▶ _Required work_
Go through the records and extract every line with the word "Cscale".

[Saved entries]

[Start of Attachment]

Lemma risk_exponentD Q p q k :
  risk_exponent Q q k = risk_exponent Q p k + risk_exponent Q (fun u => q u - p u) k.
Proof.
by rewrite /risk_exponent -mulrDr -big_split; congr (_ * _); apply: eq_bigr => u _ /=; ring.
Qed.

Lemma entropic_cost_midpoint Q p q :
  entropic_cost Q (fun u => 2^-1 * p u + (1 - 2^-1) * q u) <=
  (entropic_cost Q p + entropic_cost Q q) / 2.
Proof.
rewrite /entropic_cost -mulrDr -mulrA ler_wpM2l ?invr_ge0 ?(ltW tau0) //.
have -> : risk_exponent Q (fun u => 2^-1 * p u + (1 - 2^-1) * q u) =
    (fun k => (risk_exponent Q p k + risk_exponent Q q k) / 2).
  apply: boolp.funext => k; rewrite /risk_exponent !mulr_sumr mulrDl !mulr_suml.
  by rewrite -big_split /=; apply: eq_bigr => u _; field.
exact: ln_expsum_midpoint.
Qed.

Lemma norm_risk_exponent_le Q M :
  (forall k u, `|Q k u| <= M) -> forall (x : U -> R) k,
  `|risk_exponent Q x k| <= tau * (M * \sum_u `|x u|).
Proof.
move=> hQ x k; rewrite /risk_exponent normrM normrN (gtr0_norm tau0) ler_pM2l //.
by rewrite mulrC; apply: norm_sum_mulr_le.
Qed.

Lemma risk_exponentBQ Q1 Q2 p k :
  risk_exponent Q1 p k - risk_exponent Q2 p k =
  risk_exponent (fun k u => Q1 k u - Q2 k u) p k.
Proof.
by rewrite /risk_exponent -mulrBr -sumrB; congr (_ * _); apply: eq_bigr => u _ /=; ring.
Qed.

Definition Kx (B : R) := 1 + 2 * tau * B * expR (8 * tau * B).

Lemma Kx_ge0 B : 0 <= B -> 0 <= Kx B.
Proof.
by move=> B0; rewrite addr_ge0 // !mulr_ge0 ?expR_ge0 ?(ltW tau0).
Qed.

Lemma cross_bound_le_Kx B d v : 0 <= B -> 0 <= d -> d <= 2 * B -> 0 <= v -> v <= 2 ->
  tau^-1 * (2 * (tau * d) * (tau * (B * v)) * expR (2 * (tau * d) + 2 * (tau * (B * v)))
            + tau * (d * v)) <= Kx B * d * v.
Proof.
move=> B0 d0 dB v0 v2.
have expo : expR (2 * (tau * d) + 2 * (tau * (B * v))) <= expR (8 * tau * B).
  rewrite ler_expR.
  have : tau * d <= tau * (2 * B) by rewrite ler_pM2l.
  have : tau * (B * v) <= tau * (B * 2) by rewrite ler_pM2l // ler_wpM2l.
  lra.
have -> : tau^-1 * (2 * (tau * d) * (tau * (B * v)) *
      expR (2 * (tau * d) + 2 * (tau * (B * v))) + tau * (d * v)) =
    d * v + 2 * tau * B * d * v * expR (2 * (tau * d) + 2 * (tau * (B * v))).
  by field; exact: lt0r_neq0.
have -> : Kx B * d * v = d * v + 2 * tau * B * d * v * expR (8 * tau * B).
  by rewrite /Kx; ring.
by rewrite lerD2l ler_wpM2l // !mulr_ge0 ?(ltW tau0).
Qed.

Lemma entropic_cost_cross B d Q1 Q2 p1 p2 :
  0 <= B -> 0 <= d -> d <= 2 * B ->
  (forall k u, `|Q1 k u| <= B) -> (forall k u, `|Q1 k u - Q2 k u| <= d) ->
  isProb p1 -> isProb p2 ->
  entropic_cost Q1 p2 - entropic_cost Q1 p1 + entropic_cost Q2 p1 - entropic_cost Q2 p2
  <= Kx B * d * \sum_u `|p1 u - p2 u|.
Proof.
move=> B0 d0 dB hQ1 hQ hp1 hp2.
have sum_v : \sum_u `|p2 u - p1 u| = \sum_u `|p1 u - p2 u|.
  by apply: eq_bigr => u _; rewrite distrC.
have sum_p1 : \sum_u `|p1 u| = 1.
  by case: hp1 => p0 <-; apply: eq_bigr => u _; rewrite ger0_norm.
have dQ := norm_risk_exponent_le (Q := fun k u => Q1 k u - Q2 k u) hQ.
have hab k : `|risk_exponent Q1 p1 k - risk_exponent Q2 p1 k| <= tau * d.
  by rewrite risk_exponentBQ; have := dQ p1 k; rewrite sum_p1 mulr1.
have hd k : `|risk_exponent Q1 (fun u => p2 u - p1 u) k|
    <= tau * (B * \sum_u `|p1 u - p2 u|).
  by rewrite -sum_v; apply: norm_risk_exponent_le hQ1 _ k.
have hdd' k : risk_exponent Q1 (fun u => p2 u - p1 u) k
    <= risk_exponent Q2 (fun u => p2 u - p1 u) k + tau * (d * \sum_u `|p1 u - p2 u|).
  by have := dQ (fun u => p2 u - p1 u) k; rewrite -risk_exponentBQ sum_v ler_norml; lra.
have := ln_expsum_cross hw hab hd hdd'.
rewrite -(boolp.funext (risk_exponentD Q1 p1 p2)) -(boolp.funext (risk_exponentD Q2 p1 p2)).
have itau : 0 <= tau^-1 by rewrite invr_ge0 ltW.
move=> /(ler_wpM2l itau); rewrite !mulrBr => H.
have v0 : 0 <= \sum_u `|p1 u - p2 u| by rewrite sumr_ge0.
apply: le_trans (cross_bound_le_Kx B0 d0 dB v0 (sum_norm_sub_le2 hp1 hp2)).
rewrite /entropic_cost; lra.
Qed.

[End of Attachment]
[Start of Attachment]

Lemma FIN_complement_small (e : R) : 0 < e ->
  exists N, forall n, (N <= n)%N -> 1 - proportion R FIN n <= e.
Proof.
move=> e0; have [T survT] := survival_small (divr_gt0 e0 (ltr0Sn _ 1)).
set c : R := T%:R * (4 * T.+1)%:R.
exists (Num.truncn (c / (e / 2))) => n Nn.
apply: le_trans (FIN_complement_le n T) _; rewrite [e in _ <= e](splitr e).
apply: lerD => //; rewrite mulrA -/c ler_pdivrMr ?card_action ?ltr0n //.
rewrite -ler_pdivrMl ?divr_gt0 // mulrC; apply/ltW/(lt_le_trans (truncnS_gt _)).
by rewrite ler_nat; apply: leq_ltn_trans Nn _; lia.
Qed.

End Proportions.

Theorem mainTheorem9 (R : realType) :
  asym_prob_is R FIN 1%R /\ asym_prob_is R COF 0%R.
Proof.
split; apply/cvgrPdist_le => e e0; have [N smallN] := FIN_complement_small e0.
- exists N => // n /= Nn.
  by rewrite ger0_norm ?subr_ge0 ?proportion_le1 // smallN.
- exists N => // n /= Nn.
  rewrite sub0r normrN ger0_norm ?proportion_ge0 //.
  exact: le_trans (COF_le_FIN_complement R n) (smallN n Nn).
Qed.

[End of Attachment]
[Start of Attachment]

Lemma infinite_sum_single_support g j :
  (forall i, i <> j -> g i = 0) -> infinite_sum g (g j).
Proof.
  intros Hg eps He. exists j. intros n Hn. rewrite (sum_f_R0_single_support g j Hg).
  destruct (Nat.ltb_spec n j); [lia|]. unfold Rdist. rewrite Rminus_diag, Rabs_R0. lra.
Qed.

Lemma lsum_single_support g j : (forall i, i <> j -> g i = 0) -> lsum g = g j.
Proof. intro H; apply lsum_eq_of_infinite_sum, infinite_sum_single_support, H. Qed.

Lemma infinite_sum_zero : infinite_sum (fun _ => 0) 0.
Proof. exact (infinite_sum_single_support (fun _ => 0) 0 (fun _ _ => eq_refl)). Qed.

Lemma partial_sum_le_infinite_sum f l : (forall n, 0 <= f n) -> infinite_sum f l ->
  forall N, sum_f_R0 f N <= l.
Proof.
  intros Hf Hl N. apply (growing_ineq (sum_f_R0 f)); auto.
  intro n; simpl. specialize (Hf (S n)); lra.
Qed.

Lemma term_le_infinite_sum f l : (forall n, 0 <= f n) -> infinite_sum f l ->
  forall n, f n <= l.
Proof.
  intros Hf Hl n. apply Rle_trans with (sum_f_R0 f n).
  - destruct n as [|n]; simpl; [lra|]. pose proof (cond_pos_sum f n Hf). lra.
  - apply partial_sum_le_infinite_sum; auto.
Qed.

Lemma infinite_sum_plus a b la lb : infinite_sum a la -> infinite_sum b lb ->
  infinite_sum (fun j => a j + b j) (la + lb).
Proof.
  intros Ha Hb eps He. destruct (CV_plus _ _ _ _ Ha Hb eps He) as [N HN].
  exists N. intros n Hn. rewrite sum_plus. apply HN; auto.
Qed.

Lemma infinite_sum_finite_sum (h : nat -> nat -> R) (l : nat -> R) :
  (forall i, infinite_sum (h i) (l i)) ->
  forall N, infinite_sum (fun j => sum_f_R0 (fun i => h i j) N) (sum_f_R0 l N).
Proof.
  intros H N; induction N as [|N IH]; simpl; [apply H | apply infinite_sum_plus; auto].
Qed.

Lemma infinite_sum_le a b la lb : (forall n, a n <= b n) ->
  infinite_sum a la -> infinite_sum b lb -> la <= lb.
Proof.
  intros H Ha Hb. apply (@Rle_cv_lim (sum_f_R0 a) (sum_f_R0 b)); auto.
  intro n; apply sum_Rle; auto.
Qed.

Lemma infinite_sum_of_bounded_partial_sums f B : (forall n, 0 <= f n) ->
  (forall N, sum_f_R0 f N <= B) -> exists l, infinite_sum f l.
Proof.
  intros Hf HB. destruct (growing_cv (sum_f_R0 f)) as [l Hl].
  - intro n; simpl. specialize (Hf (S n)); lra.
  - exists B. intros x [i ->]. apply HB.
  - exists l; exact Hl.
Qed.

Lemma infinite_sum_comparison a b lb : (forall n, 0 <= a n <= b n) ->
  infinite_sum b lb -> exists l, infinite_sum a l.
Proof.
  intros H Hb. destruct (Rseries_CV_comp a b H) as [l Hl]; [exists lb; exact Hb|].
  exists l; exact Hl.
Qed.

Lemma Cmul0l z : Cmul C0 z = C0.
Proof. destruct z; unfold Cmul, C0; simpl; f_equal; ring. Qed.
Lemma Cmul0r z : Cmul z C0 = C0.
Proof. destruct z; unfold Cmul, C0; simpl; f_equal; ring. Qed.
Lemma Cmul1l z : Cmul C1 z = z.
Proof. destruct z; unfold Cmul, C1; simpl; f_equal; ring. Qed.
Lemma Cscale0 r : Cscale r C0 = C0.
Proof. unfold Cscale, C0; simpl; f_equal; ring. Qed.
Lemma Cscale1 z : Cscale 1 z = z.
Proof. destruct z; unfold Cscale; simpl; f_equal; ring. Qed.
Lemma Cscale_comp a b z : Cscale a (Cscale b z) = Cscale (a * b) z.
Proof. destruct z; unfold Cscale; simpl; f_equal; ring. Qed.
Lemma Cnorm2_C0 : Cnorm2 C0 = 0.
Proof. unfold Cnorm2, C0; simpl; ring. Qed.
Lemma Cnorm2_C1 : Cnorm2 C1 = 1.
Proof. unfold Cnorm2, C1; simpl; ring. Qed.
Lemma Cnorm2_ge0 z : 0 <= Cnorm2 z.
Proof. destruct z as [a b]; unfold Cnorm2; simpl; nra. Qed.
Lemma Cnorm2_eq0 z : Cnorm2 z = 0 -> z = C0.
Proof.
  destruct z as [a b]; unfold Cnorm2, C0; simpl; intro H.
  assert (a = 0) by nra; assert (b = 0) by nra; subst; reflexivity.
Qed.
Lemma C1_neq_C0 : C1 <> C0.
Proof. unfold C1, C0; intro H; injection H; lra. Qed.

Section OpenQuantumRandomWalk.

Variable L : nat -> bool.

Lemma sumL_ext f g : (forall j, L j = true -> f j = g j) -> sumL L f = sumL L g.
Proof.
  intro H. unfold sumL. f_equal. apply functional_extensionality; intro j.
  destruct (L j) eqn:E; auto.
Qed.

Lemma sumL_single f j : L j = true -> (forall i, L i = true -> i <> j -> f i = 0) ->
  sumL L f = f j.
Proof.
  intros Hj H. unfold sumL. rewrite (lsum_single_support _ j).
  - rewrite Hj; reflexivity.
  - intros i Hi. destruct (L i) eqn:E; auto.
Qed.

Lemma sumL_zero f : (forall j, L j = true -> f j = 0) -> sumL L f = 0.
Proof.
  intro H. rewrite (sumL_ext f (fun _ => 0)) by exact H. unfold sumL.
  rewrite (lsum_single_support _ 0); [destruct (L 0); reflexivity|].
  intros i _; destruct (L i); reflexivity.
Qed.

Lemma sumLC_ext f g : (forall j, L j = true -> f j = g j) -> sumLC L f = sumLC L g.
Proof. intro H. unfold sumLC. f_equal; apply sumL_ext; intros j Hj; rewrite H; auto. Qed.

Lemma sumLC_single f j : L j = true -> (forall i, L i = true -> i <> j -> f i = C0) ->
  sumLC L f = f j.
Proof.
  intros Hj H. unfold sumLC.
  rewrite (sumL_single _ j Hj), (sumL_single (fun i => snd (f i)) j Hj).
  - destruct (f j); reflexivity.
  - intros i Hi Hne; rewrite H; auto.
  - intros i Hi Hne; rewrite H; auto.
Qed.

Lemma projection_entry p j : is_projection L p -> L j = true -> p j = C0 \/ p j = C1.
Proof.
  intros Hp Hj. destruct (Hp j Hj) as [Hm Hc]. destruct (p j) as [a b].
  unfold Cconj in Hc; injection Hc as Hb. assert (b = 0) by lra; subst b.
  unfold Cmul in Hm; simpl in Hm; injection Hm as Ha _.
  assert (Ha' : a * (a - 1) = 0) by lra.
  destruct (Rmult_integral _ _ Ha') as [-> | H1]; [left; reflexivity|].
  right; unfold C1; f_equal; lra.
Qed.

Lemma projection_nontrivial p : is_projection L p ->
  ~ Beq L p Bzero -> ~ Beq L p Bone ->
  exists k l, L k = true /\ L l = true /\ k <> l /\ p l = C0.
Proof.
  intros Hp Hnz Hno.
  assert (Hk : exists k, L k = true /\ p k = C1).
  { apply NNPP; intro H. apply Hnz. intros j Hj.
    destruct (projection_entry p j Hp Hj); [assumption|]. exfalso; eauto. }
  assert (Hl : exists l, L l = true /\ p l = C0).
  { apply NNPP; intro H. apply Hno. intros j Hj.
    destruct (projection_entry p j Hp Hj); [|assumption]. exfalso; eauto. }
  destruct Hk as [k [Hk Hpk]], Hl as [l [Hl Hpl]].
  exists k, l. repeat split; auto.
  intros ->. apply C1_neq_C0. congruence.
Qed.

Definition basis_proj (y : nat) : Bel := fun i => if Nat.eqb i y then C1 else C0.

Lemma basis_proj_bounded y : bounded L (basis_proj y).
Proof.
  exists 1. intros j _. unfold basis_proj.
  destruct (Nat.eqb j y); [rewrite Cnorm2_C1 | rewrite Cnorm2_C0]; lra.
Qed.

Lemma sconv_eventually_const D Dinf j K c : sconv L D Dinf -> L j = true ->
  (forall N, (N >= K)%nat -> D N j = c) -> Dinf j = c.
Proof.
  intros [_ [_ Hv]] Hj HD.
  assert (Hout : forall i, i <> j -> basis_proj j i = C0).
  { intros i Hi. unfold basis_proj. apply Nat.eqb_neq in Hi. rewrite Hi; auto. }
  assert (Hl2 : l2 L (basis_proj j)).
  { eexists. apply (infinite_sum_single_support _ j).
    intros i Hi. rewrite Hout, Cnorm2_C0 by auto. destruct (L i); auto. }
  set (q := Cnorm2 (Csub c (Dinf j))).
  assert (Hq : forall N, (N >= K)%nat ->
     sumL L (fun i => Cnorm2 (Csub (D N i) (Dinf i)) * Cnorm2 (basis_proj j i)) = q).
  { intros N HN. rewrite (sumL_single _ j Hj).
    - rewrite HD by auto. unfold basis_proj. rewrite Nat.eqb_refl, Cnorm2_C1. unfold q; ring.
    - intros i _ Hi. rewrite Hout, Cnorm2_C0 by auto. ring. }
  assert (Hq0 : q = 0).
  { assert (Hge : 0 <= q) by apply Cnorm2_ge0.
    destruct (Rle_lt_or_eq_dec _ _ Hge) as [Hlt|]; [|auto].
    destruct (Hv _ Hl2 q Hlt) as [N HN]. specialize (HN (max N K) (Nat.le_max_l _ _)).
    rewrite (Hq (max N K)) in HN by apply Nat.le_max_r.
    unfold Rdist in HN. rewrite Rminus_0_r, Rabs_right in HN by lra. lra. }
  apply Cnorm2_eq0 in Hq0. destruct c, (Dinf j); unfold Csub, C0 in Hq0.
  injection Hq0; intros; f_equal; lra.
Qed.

[End of Attachment]

▶ _Expected answer_
Lemma Cscale0 r : Cscale r C0 = C0.
Proof. unfold Cscale, C0; simpl; f_equal; ring. Qed.
Lemma Cscale1 z : Cscale 1 z = z.
Proof. destruct z; unfold Cscale; simpl; f_equal; ring. Qed.
Lemma Cscale_comp a b z : Cscale a (Cscale b z) = Cscale (a * b) z.
Proof. destruct z; unfold Cscale; simpl; f_equal; ring. Qed.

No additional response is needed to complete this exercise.